**Task description**
Locate the line bearing "destruct Hb as" in the material below, then reproduce it and each following line up to and including the line bearing "Definition bigjoin (l".

**Input material**

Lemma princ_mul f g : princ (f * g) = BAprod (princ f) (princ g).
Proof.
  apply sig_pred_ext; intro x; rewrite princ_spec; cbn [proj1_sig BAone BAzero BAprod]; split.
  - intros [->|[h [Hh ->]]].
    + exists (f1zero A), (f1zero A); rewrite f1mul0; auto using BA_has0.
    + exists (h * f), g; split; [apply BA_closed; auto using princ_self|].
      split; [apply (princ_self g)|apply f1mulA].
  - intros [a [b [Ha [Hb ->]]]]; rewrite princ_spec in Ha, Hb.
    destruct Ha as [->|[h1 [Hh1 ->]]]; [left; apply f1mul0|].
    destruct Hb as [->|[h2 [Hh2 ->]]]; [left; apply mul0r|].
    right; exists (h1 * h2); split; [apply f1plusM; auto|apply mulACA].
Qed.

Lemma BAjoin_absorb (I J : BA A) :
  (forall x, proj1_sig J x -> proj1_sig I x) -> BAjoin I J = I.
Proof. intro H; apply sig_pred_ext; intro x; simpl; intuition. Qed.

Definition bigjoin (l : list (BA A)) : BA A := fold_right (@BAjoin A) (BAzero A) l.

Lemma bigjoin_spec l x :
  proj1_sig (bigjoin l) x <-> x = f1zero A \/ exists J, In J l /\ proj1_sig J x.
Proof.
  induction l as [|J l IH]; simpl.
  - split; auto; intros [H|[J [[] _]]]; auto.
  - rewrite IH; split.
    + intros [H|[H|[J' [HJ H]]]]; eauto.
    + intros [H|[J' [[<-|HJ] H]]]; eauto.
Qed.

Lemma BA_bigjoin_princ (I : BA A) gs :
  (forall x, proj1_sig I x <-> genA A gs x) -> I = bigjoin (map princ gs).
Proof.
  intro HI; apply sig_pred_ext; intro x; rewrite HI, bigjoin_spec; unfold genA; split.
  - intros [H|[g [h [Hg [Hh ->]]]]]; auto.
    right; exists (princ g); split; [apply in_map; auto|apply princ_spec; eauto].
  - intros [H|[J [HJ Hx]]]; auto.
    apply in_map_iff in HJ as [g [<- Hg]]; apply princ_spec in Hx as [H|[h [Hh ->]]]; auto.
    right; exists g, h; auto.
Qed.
--
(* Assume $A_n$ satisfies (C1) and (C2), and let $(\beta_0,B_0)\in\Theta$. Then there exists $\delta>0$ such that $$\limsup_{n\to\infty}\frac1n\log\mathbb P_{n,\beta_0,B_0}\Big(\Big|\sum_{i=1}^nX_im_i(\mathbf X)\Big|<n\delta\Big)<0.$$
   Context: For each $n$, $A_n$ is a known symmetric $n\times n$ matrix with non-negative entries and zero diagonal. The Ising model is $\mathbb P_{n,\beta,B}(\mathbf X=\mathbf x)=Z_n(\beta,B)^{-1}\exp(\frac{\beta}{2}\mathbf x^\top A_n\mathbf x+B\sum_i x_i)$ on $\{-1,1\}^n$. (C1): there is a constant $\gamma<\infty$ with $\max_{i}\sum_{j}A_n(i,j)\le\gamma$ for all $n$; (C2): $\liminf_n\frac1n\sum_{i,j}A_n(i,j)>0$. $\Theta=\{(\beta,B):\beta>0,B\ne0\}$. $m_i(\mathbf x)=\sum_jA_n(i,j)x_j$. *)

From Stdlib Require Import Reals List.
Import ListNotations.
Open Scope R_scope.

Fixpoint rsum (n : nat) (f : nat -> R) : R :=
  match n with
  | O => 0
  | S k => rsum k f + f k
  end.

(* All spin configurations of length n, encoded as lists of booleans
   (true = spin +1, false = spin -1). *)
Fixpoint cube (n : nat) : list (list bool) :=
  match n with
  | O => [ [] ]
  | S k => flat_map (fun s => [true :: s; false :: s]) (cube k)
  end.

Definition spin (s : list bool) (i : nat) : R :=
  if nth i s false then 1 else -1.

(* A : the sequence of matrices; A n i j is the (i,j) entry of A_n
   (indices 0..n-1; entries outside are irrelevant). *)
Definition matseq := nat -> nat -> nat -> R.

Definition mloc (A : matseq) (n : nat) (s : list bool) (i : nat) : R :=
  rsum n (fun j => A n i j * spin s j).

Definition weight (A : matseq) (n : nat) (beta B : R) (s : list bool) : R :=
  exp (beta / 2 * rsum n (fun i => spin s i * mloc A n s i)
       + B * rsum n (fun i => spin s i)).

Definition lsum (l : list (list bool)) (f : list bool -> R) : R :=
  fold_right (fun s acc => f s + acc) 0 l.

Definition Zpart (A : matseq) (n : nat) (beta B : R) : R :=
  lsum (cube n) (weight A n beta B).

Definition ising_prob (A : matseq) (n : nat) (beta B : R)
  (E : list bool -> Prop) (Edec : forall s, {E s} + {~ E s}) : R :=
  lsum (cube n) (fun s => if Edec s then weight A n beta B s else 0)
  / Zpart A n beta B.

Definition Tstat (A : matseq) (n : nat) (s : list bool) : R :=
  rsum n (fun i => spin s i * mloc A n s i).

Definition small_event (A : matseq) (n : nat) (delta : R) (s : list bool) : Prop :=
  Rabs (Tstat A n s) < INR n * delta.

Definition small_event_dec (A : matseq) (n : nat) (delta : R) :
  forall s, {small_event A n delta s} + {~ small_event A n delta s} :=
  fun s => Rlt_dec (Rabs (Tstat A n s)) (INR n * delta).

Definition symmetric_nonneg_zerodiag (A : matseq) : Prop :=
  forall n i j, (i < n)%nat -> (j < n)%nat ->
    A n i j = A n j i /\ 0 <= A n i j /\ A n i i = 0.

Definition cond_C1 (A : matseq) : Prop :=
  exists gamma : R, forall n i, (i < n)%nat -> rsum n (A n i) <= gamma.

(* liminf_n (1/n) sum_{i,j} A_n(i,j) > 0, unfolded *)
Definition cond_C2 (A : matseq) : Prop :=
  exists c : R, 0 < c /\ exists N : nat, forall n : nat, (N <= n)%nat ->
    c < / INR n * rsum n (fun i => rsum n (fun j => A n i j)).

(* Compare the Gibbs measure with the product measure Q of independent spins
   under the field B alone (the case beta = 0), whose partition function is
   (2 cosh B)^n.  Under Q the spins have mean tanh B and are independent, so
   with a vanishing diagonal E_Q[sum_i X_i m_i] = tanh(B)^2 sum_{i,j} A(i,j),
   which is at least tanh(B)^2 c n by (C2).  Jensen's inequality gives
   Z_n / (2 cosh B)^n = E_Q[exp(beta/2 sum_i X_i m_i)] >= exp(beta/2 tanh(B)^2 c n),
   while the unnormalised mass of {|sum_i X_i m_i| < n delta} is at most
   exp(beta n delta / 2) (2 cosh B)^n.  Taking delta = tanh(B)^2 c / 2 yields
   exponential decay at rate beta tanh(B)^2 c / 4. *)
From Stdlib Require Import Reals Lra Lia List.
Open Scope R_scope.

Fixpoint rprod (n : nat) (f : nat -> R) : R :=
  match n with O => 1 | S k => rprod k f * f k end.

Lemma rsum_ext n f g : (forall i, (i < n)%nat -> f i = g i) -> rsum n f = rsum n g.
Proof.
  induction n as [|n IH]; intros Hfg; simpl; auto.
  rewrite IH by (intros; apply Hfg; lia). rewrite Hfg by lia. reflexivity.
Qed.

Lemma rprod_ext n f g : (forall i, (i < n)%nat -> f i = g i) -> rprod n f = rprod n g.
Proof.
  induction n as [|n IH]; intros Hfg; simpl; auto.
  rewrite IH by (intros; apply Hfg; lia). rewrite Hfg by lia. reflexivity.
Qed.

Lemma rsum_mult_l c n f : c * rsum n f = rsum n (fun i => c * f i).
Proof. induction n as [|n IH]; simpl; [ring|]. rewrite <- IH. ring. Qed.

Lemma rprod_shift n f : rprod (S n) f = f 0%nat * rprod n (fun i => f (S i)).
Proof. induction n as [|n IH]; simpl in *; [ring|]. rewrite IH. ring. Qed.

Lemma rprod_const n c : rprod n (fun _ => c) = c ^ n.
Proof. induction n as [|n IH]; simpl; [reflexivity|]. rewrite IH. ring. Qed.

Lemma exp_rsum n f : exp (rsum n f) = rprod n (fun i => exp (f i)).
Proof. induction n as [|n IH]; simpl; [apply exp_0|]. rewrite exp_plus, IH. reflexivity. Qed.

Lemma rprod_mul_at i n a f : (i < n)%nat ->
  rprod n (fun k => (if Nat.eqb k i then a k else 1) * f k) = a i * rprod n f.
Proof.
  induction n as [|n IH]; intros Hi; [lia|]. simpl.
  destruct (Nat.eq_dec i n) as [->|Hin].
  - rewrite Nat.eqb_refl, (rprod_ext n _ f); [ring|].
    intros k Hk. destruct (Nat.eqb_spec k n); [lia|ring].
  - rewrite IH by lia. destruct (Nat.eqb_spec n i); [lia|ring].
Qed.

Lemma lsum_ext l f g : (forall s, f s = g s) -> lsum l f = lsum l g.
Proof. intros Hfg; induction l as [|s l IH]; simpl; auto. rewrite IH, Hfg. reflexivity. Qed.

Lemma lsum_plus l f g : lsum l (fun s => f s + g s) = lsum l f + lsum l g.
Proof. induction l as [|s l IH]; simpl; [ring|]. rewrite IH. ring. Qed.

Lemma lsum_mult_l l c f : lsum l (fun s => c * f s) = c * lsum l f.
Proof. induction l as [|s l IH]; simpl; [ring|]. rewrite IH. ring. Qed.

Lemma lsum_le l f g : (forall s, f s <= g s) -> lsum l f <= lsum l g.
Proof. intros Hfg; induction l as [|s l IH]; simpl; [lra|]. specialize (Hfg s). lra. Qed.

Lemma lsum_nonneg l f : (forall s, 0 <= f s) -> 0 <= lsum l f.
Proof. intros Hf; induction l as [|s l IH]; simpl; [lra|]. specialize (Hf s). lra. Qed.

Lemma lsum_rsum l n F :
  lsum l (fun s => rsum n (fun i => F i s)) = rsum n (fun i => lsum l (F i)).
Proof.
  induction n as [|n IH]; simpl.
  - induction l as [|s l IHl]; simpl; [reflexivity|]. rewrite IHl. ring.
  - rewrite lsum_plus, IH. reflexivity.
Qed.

**Solution to this task**
    destruct Hb as [->|[h2 [Hh2 ->]]]; [left; apply mul0r|].
    right; exists (h1 * h2); split; [apply f1plusM; auto|apply mulACA].
Qed.

Lemma BAjoin_absorb (I J : BA A) :
  (forall x, proj1_sig J x -> proj1_sig I x) -> BAjoin I J = I.
Proof. intro H; apply sig_pred_ext; intro x; simpl; intuition. Qed.

Definition bigjoin (l : list (BA A)) : BA A := fold_right (@BAjoin A) (BAzero A) l.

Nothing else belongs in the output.